Can anyone offer advice for a new Surf fisherman.  Not new to fishing but I am new to surf fishing.  It looks like the best thing to do while the family is at the beach.  What is everyone's fav rod/reel set up?  and favorite Rigs?  

Thanks
Matthew


----------



## Juan De (May 25, 2020)

I use penn 8500 spinfishers with a 10ft ugly stick rod, wet packed with power pro, good set up for bull reds and smaller sharks.


----------



## ugajay (May 26, 2020)

I use the Walmart special Shakespeare spinning reel with a 10 ft rod. I also buy some of the double hooked rigs, and use at least a 1 ounce pyramid sinker. I buy fresh frozen shrimp and use that for bait. I enjoy catching whiting, small sharks etc and have never had a problem with the cheap setup.


----------



## Railroader (May 26, 2020)

A few things that will help you tremendously...

Learn to salt cure shrimp.

Learn to tie a simple double drop rig for yourself.

Find some 1, 2, and 4oz Frog Tongue sinkers.

Use small circle hooks, such as the 2/0 Eagle Claw L197.

Buy a REAL surf rod...Doesn't have to be expensive, a 60.00 Tica will do just fine.

Make sure the reel has a VERY well working drag.

The salted shrimp is the best trick in the book, because it doesn't go bad for months, it stays on a hook, and you can have fresh cutbait in minutes, most of the time.

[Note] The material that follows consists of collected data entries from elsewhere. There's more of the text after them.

Lemma solution_derivative i t : Rabs t < tau ->
  derivable_pt_lim (solution i) t (G i (fun j => solution j t)).
Proof.
  intros Ht. apply is_derive_Reals.
  assert (Hp : 0 < tau - Rabs t) by lra.
  apply (is_derive_ext_loc
           (fun y => a i + RInt (fun s => G i (fun j => solution j s)) 0 y)).
  - exists (mkposreal _ Hp). intros y Hy. simpl in Hy.
    unfold ball in Hy; simpl in Hy.
    unfold AbsRing_ball, abs, minus, plus, opp in Hy; simpl in Hy.
    symmetry. apply solution_integral. split_Rabs; lra.
  - replace (G i (fun j => solution j t))
      with (plus zero (G i (fun j => solution j t))) by apply plus_zero_l.
    apply (is_derive_plus (fun _ => a i)
             (fun y => RInt (fun s => G i (fun j => solution j s)) 0 y)).
    + exact (@is_derive_const R_AbsRing R_NormedModule (a i) t).
    + apply (is_derive_RInt (fun s => G i (fun j => solution j s)) _ 0).
      * apply filter_forall. intros y.
        apply (@RInt_correct R_CompleteNormedModule).
        apply ex_RInt_of_continuous, solution_continuous.
      * apply solution_continuous.
Qed.

End PicardLindelof.

Theorem picard_lindelof (G : axis -> (axis -> R) -> R) L Mb tau (a : axis -> R) :
  0 <= L -> 0 < tau -> 6 * L * tau <= 1 ->
  (forall i v, Rabs (G i v) <= Mb) ->
  (forall i v w, Rabs (G i v - G i w) <= L * dist1 v w) ->
  exists y : axis -> R -> R, (forall i, y i 0 = a i) /\
    forall i t, Rabs t < tau -> derivable_pt_lim (y i) t (G i (fun j => y j t)).
Proof.
  intros HL Htau Hc Hb Hl.
  exists (solution G L Mb tau a HL Htau Hc Hb Hl). split.
  - apply solution_initial.
  - apply solution_derivative.
Qed.

(* For positive coordinates, the Ricci flow velocity [-2 r_i x_i] of a
   coordinate [a] with companions [b], [c] is the rational function below;
   contrary to [ric] it is directly amenable to interval estimates. *)
Definition ricci_speed (d a b c : R) : R :=
  - d * ((a / b) * (a / c)) + d * (b / c) + d * (c / b) - (10 * d - 8).

Lemma ricci_speed_eq d a b c : 0 < a -> 0 < b -> 0 < c ->
  -2 * ric d a b c * a = ricci_speed d a b c.
Proof. intros. unfold ric, ricci_speed. field. lra. Qed.

Lemma Rabs_triang3 x y z : Rabs (x + y + z) <= Rabs x + Rabs y + Rabs z.
Proof.
  pose proof (Rabs_triang (x + y) z). pose proof (Rabs_triang x y). lra.
Qed.
(* Fix $K\ge 2$, $d\ge 1$ and $\alpha\in[0,1]$. Let $F_1,\dots,F_K$ be probability distributions on $\mathbb{R}^d$, and suppose that a signal set $L\subseteq[d]$ exists. Let $\mathcal{T}$ be a fixed (non-random) tree of subsets of $[d]$ satisfying properties (T1)–(T3) below. For each $n$, suppose the data consist of independent observations, $n_i$ of them from $F_i$ ($i=1,\dots,K$), $n=n_1+\dots+n_K$, and for every node $C$ of $\mathcal{T}$ let $p^C$ be the $p$-value of a test of $H_{0,C}$ computed from the submatrix $\mathbf{X}_C$. Assume: (i) (validity) for every node $C$ for which $H_{0,C}$ is true and every $u\in[0,1]$, $\mathbb{P}(p^C\le u)\le u$; (ii) (consistency at every level) for every node $C$ for which $H_{0,C}$ is false, $p^C\to 0$ in probability as $n\to\infty$. Let $S$ be the set of features selected by the GFS procedure at level $\alpha$. Then, as $n\to\infty$ with $d$ fixed, $$\mathbb{P}(L\subseteq S)\to 1,\qquad \mathbb{P}(S\setminus L\neq\emptyset)\le \alpha+o(1),\qquad \mathbb{E}\!\left[\frac{|S\setminus L|}{\max\{|S|,1\}}\right]\le \alpha+o(1).$$
   Context: Notation: $[d]=\{1,\dots,d\}$. $\mathbf{X}$ is the $n\times d$ data matrix whose rows are the observations; for $C\subseteq[d]$, $\mathbf{X}_C$ is the submatrix consisting of the columns indexed by $C$. For $B\subseteq[d]$ and $X=(X_1,\dots,X_d)\sim F_i$, let $F_{i[B]}$ denote the joint distribution of $(X_j)_{j\in B}$, and let $H_{0,B}$ be the hypothesis $F_{1[B]}=F_{2[B]}=\dots=F_{K[B]}$. Signal set: a set $L\subseteq[d]$ such that (1) $H_{0,L^c}$ is true, and (2) for every nonempty $L'\subseteq L$, $H_{0,L'}$ is false. Tree $\mathcal{T}$: a rooted binary tree whose nodes are subsets of $[d]$ such that (T1) the root is $[d]$; (T2) every non-leaf node $C$ has exactly two children, which are disjoint nonempty sets whose union is $C$; (T3) the leaves are singletons. Adjusted $p$-value of a node $C$: $p^C_{\mathrm{adj}}=p^C\cdot d/|C|$. A node $C$ is $\alpha$-terminal if $p^C_{\mathrm{adj}}\le\alpha$, $p^B_{\mathrm{adj}}\le\alpha$ for every ancestor $B$ of $C$, and $p^B_{\mathrm{adj}}>\alpha$ for every child $B$ of $C$ (the last condition is vacuous for leaves, the second for the root). GFS procedure at level $\alpha$: the selected set $S$ is the union of all $\alpha$-terminal nodes of $\mathcal{T}$ (empty if there are none). *)

From HB Require Import structures.
From mathcomp Require Import all_boot all_order all_algebra.
From mathcomp Require Import all_classical all_reals all_analysis.

Set Implicit Arguments.
Unset Strict Implicit.
Unset Printing Implicit Defensive.

Import Order.TTheory GRing.Theory Num.Theory.
Local Open Scope ring_scope.

(** Observations live in R^d, represented as d.-tuple R with the product
    sigma-algebra (generated by the coordinates), as provided by the library. *)

Section Distributions.
Variables (R : realType) (d K : nat).

(** Coordinate projection x |-> (x_j)_{j in B}  (coordinates of B in
    increasing order). *)
Definition proj_coords (B : {set 'I_d}) (x : d.-tuple R) : #|B|.-tuple R :=
  [tuple tnth x (enum_val k) | k < #|B|].

Definition marginal (F : 'I_K -> probability (d.-tuple R) R)
  (i : 'I_K) (B : {set 'I_d}) : set (#|B|.-tuple R) -> \bar R :=
  pushforward (F i) (proj_coords B).

Definition H0 (F : 'I_K -> probability (d.-tuple R) R) (B : {set 'I_d}) : Prop :=
  forall (i k : 'I_K) (A : set (#|B|.-tuple R)),
    measurable A -> @marginal F i B A = @marginal F k B A.

Definition signal_set (F : 'I_K -> probability (d.-tuple R) R) (L : {set 'I_d}) : Prop :=
  H0 F (~: L) /\
  (forall L' : {set 'I_d}, L' != finset.set0 -> L' \subset L -> ~ H0 F L').

End Distributions.
Arguments marginal {R d K} F i B _.

(** Rooted binary trees whose nodes are labelled by subsets of [d]. *)
Inductive ftree (d : nat) : Type :=
| FLeaf of 'I_d
| FNode of ftree d & ftree d.

Section Trees.
Variable d : nat.

Fixpoint node_set (t : ftree d) : {set 'I_d} :=
  match t with
  | FLeaf j => [set j]
  | FNode l r => node_set l :|: node_set r
  end.

Fixpoint nodes (t : ftree d) : seq {set 'I_d} :=
  match t with
  | FLeaf j => [:: [set j]]
  | FNode l r => node_set (FNode l r) :: (nodes l ++ nodes r)
  end.
(* Let $C$ be a finite elementary abelian $p$-group ($p$ prime) and $k$ a positive integer; let $d=\log_p|C|$. Then there exists $t\ge k$ such that the direct product $P=\prod_{i=1}^tC_i$ of copies $C_i$ of $C$ contains a subgroup $R$, invariant under the diagonal action on $P$ of the endomorphism algebra $\mathrm{End}\,C\cong M_d(\mathbb{Z}/p\mathbb{Z})$, with the following properties: a) $R$ is contained in the union of the kernels $K_j$ of the natural projections $P\to C_j$, $j=1,\dots,t$; b) $R\cdot\prod_{j\notin J}C_j=P$ for every subset $J\subseteq\{1,\dots,t\}$ of cardinality $k$; b') moreover, every such $J$ is contained in a set $J'\supseteq J$ such that $P=R\times\prod_{j\notin J'}C_j$, and there exist integers $n_{ij}$ such that the projection $\pi:P\to\prod_{j\notin J'}C_j$ with kernel $R$ acts by $C_i\ni c_i\mapsto\prod_{j\notin J'}c_j^{n_{ij}}$, where $c_j\in C_j$ is the element corresponding to $c_i$ under the isomorphisms $C_i\cong C\cong C_j$. *)

From HB Require Import structures.
From mathcomp Require Import all_boot all_order all_algebra all_fingroup all_solvable.
Set Implicit Arguments. Unset Strict Implicit. Unset Printing Implicit Defensive.

(* Direct power P = C_1 x ... x C_t of a finite group C (a subgroup of gT),
   realised as the set of functions 'I_t -> gT with values in C,
   with pointwise group operations. *)
Section DirectPower.
Variables (gT : finGroupType) (C : {set gT}) (t : nat).
Local Open Scope group_scope.

Definition dpow : {set {ffun 'I_t -> gT}} := [set f : {ffun 'I_t -> gT} | [forall j, f j \in C]].
Definition pw_mul (f g : {ffun 'I_t -> gT}) : {ffun 'I_t -> gT} := [ffun j => f j * g j].
Definition pw_inv (f : {ffun 'I_t -> gT}) : {ffun 'I_t -> gT} := [ffun j => (f j)^-1].
Definition pw_one : {ffun 'I_t -> gT} := [ffun => 1].

Definition delta (i : 'I_t) (c : gT) : {ffun 'I_t -> gT} :=
  [ffun j => if j == i then c else 1].

Definition Kproj (j : 'I_t) : {set {ffun 'I_t -> gT}} := [set f in dpow | f j == 1].

Definition prod_out (J : {set 'I_t}) : {set {ffun 'I_t -> gT}} :=
  [set f in dpow | [forall j in J, f j == 1]].

Definition is_subgroup_dpow (R : {set {ffun 'I_t -> gT}}) : Prop :=
  [/\ R \subset dpow, pw_one \in R,
      {in R &, forall f g, pw_mul f g \in R} & {in R, forall f, pw_inv f \in R}].

Definition End_invariant (R : {set {ffun 'I_t -> gT}}) : Prop :=
  forall phi : gT -> gT,
    {in C &, {morph phi : x y / x * y}} -> {in C, forall x, phi x \in C} ->
    forall f : {ffun 'I_t -> gT}, f \in R -> [ffun j => phi (f j)] \in R.

Definition prod_eq_P (A B : {set {ffun 'I_t -> gT}}) : Prop :=
  {in dpow, forall f, exists2 a, a \in A & exists2 b, b \in B & f = pw_mul a b}.
End DirectPower.

Definition zexp (gT : finGroupType) (x : gT) (z : int) : gT :=
  match z with
  | Posz m => (x ^+ m)%g
  | Negz m => ((x ^+ m.+1)^-1)%g
  end.

(* Identify C with F^d, F = 'F_p, put n = (d+1)(k+1), index the t = p^n - 1
   copies of C by the nonzero vectors of F^n, and let W be the space of
   functions on these vectors given by polynomials of degree at most k+1 that
   vanish at 0. Take for R the elements of P all of whose d coordinate
   functions lie in W (so R = W (x) C); an endomorphism of C acts on
   coordinates F-linearly, hence R is End C-invariant.
   a) The coordinates of r in R are given by d polynomials of total degree at
   most d(k+1) < n with the common zero 0; by Chevalley-Warning they have a
   nonzero common zero j, i.e. r_j = 1.
   b, b') Products of affine polynomials give, for any k of the vectors,
   Lagrange functions in W, so J extends to a set J' on which restriction
   W -> F^J' is bijective. Injectivity gives R :&: Q = 1 and surjectivity
   R * Q = P, where Q = prod_(j not in J') C_j, and the projection along R onto
   Q maps c_i, for i in J', to (c_j ^ -w_i(j))_(j not in J'), where w_i is the
   Lagrange function of i. *)

From HB Require Import structures.
From mathcomp Require Import all_boot all_order all_algebra all_fingroup all_solvable.
From mathcomp Require Import finfield mxabelem boolp mpoly.

Set Implicit Arguments.
Unset Strict Implicit.
Unset Printing Implicit Defensive.

Import GRing.Theory.

Section MpolySize.
Variables (R : idomainType) (n : nat).
Implicit Types (P Q : {mpoly R[n]}).
Local Open Scope ring_scope.

Lemma msizeM_leq P Q a b :
  (msize P <= a.+1 -> msize Q <= b.+1 -> msize (P * Q) <= (a + b).+1)%N.
Proof.
have [->|P0] := eqVneq P 0; first by rewrite mul0r msize0.
have [->|Q0] := eqVneq Q 0; first by rewrite mulr0 msize0.
rewrite msizeM // => lePa leQb; rewrite -ltnS prednK; last first.
  by rewrite addn_gt0 lt0n msize_poly_eq0 P0.
by rewrite -addSn -addnS leq_add.
Qed.

Lemma msize_prod_leq (I : finType) (A : {pred I}) (Q : I -> {mpoly R[n]}) (a : I -> nat) :
  (forall i, i \in A -> msize (Q i) <= (a i).+1)%N ->
  (msize (\prod_(i in A) Q i) <= (\sum_(i in A) a i).+1)%N.
Proof.
move=> leQa; apply: (big_ind2 (fun P s => msize P <= s.+1)%N) => //.
- by rewrite msize1.
- by move=> P1 s1 P2 s2; apply: msizeM_leq.
Qed.

Lemma msizeX_leq P a e : (msize P <= a.+1 -> msize (P ^+ e) <= (e * a).+1)%N.
Proof.
move=> lePa; rewrite -(card_ord e) -prodr_const -sum_nat_const.
exact: msize_prod_leq.
Qed.
End MpolySize.

Section ChevalleyWarning.
Variable F : finFieldType.
Local Notation q := #|F|.
Local Open Scope ring_scope.

Lemma natf_card : q%:R = 0 :> F.
Proof.
have := expg_cardG (in_setT (1 : F)).
by rewrite cardsT FinRing.zmodXgE.
Qed.

Lemma expf_card_pred (x : F) : x != 0 -> x ^+ q.-1 = 1.
Proof.
move=> x0; apply: (mulfI x0); rewrite mulr1 -exprS prednK ?expf_card //.
by apply/card_gt0P; exists x.
Qed.

Lemma sum_expr_eq0 e : (e < q.-1)%N -> \sum_(x : F) x ^+ e = 0.
Proof.
case: e => [|e] lt_e_q.
  by under eq_bigr do rewrite expr0; rewrite sumr_const natf_card.
have [y y0 ye] : exists2 y : F, y != 0 & y ^+ e.+1 != 1.
  have: ~~ all (e.+1).-unity_root (enum [pred y : F | y != 0]).
    apply/negP => /(max_unity_roots (ltn0Sn e))/(_ (enum_uniq _)).
    by rewrite -cardE cardC1 leqNgt lt_e_q.
  by case/allPn => y; rewrite mem_enum unity_rootE; exists y.
have: \sum_(x : F) x ^+ e.+1 = y ^+ e.+1 * \sum_(x : F) x ^+ e.+1.
  rewrite mulr_sumr (reindex_inj (mulfI y0)) /=.
  by apply: eq_bigr => x _; rewrite exprMn.
move/eqP; rewrite -subr_eq0 -{1}[\sum_x _]mul1r -mulrBl mulf_eq0 subr_eq0.
by rewrite eq_sym (negbTE ye) => /eqP.
Qed.

(* A monomial of degree < n(q-1) has some exponent below q-1, and its sum over
   F^n factors through that of a single variable. *)
Lemma sum_meval_eq0 n (P : {mpoly F[n]}) :
  (msize P <= n * q.-1)%N -> \sum_(x : {ffun 'I_n -> F}) P.@[x] = 0.
Proof.
move=> leP; under eq_bigr do rewrite mevalE.
rewrite exchange_big big_seq big1 // => m mP /=.
have [i lt_mi] : exists i, (m i < q.-1)%N.
  apply/existsP; apply: contraTT (msize_mdeg_lt mP) => /existsPn ge_m.
  rewrite -leqNgt (leq_trans leP) // mdegE -{1}[n]card_ord -sum_nat_const.
  by apply: leq_sum => j _; rewrite leqNgt ge_m.
rewrite -mulr_sumr -(bigA_distr_bigA (fun i y => y ^+ m i)) /=.
by rewrite (bigD1 i) //= sum_expr_eq0 // mul0r mulr0.
Qed.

Keep baits small.  Bull Reds will readily bite a half of a 60 count salted shrimp.

Learn to "read the beach", a bunch of info is out there.

Be careful, if the bug bites, it can get crazy expensive...But it never has to.


----------



## Anvil Head (May 26, 2020)

Above all learn how to maintain your gear. Fresh water rinse after a day's use. Never lay down in sand, always secure or hold rod (it will take off when you least suspect), general smart thinking will keep you running. Thorough cleaning and lubing before putting away. Use warm water and soap to clean.


----------



## Redbow (May 26, 2020)

Just remember you don't have to cast out a half mile like lots of surf fishermen think, there are fish right there in the suds waiting to take your bait.. Sand fleas are excellent bait if you can find them they will be under your feet and lots of times you can see them right at the waters edge.. You don't really need a 10 ft. rod to catch fish out of the surf. A light to medium spinning outfit will do for a lot of species you can catch there..


----------



## Semi-Pro (May 26, 2020)

Get a med light spinning rod you would normally use for 1-2 lb fish. Carolina rig a #6 mosquito or circle hook with a marble sized peice of peeled shrimp. Cast 20ft. From where the water meets the sand. Catch 100 whiting a day. 20ft give or take 5 ft.


----------



## LittleDrummerBoy (May 26, 2020)

I use 12 foot Ugly Stiks and Shimano Spheros 5000 and 6000 reels with 40 lb power pro for bull reds.  Best bait is cracked crab on a 7/0 Gamakatsu Octopus offset J hook and a 2-6 oz sinker as needed to hold the bottom.  Casting distance can help a lot as often the bulls are in the 3rd trough.


----------



## Dustin Pate (May 26, 2020)

My tackle varies greatly depending on where I'm at and what I'm fishing for. Where do you plan on fishing?


----------



## nickel back (May 26, 2020)

ugajay said:


> I use the Walmart special Shakespeare spinning reel with a 10 ft rod. I also buy some of the double hooked rigs, and use at least a 1 ounce pyramid sinker. I buy fresh frozen shrimp and use that for bait. I enjoy catching whiting, small sharks etc and have never had a problem with the cheap setup.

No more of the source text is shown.